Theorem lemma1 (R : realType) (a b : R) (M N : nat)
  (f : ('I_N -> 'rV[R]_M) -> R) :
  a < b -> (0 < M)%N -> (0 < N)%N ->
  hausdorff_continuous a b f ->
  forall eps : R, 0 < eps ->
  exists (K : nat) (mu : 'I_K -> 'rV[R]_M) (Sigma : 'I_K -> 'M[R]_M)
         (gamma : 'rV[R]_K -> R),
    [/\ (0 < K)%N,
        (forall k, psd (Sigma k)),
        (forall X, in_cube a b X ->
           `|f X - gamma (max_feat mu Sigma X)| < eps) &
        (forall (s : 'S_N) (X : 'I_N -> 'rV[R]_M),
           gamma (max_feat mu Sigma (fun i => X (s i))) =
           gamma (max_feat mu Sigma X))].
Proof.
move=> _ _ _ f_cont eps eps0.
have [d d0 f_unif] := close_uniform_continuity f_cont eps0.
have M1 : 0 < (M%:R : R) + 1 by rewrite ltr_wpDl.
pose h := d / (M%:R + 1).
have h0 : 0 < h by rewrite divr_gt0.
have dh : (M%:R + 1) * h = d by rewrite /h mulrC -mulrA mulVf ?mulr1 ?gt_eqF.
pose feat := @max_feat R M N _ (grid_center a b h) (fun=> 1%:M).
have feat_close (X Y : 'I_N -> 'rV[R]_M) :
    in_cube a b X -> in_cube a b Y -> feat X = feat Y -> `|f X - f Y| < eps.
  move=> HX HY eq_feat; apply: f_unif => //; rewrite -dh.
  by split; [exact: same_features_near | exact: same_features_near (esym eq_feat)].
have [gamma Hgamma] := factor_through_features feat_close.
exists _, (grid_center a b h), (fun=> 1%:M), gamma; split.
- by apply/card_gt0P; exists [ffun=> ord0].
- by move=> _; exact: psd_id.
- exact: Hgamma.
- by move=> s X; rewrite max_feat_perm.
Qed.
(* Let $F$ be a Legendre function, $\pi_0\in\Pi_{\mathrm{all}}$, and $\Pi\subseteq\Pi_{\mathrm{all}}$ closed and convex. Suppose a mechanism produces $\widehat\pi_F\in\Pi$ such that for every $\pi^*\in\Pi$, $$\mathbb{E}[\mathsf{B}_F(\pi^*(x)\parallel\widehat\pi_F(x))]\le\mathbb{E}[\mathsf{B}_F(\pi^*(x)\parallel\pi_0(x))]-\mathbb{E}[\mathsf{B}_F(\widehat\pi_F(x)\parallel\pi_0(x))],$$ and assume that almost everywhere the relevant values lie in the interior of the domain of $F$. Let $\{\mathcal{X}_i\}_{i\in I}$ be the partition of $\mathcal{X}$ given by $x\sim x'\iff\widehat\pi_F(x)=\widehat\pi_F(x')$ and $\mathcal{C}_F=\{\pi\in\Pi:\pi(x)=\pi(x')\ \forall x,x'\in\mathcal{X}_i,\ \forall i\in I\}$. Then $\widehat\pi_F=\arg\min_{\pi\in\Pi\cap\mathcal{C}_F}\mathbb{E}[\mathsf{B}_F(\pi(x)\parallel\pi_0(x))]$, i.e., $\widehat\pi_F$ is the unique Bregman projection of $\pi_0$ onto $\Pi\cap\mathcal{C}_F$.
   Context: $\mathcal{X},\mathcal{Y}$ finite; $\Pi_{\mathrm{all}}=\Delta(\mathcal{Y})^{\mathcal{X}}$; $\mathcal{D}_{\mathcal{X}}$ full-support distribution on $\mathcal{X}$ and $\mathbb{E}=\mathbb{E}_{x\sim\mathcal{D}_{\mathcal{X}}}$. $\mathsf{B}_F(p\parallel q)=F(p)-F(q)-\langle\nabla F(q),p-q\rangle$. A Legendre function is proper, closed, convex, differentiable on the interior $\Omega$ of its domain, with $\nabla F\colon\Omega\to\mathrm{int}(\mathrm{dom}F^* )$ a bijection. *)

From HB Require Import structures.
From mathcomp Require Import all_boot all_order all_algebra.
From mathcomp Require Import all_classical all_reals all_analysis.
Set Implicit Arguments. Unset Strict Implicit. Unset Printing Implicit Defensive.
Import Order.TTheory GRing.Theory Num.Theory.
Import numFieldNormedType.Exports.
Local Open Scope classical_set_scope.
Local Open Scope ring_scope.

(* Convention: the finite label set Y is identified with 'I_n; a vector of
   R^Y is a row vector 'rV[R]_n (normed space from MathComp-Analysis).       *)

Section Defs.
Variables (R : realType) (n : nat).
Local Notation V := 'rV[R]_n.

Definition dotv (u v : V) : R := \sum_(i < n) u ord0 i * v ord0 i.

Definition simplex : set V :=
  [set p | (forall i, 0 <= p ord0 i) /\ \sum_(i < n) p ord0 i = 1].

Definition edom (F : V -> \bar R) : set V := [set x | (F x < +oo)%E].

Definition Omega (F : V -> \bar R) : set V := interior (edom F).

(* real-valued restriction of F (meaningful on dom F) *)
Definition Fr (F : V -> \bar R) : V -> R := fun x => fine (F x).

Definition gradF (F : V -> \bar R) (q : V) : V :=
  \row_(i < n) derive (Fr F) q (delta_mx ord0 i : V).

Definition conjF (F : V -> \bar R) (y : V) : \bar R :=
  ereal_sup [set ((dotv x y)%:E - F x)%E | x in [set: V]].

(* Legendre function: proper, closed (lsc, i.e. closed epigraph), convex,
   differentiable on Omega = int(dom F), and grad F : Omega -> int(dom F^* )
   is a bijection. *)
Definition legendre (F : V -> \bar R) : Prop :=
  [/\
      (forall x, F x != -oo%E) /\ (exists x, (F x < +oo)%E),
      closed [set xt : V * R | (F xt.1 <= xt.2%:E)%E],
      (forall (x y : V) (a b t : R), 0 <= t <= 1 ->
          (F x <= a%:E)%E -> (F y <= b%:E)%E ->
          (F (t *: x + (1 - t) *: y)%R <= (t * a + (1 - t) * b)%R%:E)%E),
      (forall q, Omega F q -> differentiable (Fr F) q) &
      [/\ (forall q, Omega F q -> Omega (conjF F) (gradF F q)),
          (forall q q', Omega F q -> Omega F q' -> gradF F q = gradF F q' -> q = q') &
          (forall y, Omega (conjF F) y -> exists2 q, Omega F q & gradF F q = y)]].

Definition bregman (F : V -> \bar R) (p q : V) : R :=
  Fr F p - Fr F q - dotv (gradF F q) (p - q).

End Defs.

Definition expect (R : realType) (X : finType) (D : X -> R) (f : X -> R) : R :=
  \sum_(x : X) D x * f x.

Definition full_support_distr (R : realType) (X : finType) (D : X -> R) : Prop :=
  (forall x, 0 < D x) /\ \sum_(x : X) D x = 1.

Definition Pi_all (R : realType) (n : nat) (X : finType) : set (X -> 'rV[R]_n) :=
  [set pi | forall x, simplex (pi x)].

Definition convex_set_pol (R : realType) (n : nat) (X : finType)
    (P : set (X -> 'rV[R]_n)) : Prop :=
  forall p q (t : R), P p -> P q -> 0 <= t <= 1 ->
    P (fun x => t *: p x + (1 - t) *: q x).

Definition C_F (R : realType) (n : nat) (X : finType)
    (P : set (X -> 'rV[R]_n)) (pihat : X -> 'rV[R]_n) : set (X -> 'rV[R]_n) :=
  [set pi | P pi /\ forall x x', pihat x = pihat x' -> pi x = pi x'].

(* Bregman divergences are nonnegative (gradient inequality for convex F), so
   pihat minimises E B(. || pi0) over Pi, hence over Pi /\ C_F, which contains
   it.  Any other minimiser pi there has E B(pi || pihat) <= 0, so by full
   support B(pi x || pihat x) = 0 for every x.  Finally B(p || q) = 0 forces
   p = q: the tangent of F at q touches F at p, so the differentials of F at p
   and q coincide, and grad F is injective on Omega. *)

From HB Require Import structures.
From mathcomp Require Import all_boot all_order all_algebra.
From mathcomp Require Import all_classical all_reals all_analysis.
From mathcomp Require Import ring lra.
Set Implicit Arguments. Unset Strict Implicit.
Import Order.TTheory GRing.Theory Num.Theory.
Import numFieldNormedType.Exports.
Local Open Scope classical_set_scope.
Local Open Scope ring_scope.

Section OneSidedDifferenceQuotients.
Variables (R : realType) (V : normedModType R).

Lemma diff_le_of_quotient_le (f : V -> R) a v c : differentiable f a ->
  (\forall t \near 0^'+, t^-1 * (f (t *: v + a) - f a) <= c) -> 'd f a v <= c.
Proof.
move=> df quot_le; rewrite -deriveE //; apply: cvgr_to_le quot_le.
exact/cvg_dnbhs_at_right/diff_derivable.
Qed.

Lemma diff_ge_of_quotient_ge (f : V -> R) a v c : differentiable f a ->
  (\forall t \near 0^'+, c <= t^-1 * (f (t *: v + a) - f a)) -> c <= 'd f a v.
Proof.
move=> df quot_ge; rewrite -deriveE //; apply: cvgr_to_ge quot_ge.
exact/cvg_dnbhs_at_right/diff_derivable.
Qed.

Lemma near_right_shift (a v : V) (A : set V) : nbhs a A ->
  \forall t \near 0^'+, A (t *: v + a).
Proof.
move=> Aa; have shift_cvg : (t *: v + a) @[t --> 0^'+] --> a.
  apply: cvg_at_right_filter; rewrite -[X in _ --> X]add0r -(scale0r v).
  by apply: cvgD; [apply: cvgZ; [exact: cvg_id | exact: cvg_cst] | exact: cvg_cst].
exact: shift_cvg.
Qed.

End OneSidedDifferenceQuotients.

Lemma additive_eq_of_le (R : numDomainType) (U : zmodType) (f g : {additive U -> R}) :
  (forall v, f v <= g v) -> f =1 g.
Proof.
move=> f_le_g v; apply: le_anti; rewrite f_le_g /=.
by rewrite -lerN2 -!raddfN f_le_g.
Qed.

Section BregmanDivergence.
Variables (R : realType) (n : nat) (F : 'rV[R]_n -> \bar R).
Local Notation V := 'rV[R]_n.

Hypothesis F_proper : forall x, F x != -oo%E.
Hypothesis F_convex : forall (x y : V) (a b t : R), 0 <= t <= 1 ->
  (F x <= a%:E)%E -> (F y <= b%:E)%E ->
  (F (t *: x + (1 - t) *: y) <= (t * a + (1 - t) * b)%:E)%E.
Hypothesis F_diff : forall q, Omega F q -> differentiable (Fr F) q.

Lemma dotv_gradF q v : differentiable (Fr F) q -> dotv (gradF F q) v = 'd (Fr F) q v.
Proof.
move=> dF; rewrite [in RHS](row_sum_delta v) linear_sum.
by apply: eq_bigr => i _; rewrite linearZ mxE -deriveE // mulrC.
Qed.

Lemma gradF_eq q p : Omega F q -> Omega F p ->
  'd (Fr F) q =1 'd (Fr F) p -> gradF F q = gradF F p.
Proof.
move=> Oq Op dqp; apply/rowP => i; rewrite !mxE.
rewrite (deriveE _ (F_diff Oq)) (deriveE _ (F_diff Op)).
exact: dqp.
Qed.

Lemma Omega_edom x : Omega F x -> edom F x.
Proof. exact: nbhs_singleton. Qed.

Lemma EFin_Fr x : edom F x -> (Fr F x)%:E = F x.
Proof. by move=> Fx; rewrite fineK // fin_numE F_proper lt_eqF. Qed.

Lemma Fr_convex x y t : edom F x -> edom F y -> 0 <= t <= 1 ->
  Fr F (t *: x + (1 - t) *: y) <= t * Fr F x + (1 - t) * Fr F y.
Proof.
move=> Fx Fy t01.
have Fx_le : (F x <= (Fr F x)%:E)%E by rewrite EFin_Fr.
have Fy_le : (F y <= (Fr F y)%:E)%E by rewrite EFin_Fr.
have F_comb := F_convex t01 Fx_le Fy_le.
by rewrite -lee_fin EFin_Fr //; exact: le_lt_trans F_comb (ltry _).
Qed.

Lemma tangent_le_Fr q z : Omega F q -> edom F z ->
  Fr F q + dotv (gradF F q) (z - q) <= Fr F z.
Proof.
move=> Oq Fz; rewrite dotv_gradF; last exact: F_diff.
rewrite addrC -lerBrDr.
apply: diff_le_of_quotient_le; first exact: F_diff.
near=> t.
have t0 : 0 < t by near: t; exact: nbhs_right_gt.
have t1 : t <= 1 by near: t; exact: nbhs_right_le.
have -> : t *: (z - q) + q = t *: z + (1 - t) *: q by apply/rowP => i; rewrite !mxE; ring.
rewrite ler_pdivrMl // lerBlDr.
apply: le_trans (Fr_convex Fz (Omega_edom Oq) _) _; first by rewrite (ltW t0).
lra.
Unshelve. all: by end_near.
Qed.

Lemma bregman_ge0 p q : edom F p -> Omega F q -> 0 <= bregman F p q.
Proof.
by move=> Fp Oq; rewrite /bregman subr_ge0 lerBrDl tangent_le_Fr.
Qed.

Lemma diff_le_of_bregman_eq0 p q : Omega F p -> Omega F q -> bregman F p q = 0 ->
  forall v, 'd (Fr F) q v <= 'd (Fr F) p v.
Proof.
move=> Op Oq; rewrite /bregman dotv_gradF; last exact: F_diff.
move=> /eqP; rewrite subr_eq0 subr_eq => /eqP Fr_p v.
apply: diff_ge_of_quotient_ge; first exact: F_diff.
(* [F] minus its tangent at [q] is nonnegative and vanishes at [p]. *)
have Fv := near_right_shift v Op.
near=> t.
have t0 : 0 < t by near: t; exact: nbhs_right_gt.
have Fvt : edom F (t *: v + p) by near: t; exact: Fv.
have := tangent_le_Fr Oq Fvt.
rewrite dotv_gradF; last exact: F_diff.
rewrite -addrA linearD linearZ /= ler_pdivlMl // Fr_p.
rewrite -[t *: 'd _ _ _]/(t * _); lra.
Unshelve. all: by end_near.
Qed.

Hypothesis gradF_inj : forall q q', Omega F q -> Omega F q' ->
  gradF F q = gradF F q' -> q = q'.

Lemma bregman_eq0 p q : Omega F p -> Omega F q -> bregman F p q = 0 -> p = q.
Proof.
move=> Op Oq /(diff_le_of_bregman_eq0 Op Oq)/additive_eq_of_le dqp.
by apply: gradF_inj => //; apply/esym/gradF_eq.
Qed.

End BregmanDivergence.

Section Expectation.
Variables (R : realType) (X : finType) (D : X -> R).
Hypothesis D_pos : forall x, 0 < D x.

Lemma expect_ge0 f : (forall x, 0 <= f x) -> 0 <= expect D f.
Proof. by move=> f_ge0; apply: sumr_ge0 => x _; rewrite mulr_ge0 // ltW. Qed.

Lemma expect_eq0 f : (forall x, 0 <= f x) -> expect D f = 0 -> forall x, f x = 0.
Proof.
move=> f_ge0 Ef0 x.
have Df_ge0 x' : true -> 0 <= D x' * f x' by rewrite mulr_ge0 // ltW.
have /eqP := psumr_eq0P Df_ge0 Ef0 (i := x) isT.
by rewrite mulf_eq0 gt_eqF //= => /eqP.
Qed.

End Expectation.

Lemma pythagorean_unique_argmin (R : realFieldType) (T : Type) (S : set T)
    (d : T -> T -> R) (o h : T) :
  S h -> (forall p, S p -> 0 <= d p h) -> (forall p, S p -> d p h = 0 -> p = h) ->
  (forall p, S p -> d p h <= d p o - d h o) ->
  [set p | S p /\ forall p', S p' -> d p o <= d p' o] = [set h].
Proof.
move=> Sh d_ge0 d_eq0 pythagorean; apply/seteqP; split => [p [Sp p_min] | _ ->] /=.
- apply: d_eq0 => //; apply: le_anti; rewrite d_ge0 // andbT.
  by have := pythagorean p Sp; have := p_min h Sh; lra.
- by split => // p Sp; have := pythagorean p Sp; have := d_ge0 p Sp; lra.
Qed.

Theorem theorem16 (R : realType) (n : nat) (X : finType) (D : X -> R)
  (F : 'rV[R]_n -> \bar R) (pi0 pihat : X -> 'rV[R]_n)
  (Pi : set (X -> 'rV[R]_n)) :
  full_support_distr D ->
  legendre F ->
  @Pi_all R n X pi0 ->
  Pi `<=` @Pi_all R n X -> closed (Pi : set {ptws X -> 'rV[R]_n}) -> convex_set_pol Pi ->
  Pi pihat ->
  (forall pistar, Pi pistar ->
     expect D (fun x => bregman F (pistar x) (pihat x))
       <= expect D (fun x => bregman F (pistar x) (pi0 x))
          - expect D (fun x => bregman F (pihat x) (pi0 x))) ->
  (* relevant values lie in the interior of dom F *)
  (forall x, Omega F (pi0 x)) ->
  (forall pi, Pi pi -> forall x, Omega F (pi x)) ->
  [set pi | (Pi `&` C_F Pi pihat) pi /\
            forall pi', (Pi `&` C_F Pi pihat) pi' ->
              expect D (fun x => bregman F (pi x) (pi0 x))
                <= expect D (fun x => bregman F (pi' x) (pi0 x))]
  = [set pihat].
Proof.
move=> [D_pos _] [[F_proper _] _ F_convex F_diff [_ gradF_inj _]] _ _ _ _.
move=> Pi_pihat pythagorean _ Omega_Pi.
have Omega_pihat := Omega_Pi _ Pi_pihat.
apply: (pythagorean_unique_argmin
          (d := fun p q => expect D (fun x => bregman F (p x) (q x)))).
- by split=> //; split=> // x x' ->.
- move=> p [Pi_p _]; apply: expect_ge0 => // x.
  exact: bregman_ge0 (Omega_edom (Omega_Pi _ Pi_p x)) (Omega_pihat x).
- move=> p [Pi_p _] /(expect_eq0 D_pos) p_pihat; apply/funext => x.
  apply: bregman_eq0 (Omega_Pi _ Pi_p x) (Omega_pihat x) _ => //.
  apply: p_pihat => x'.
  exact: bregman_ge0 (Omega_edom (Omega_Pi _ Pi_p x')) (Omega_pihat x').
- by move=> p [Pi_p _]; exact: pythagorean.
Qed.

========================

→ **Problem to solve**: Lines with "deriveE": copy every one of them from the listing above.

→ **Output for this exercise**:
move=> df quot_le; rewrite -deriveE //; apply: cvgr_to_le quot_le.
move=> df quot_ge; rewrite -deriveE //; apply: cvgr_to_ge quot_ge.
by apply: eq_bigr => i _; rewrite linearZ mxE -deriveE // mulrC.
rewrite (deriveE _ (F_diff Oq)) (deriveE _ (F_diff Op)).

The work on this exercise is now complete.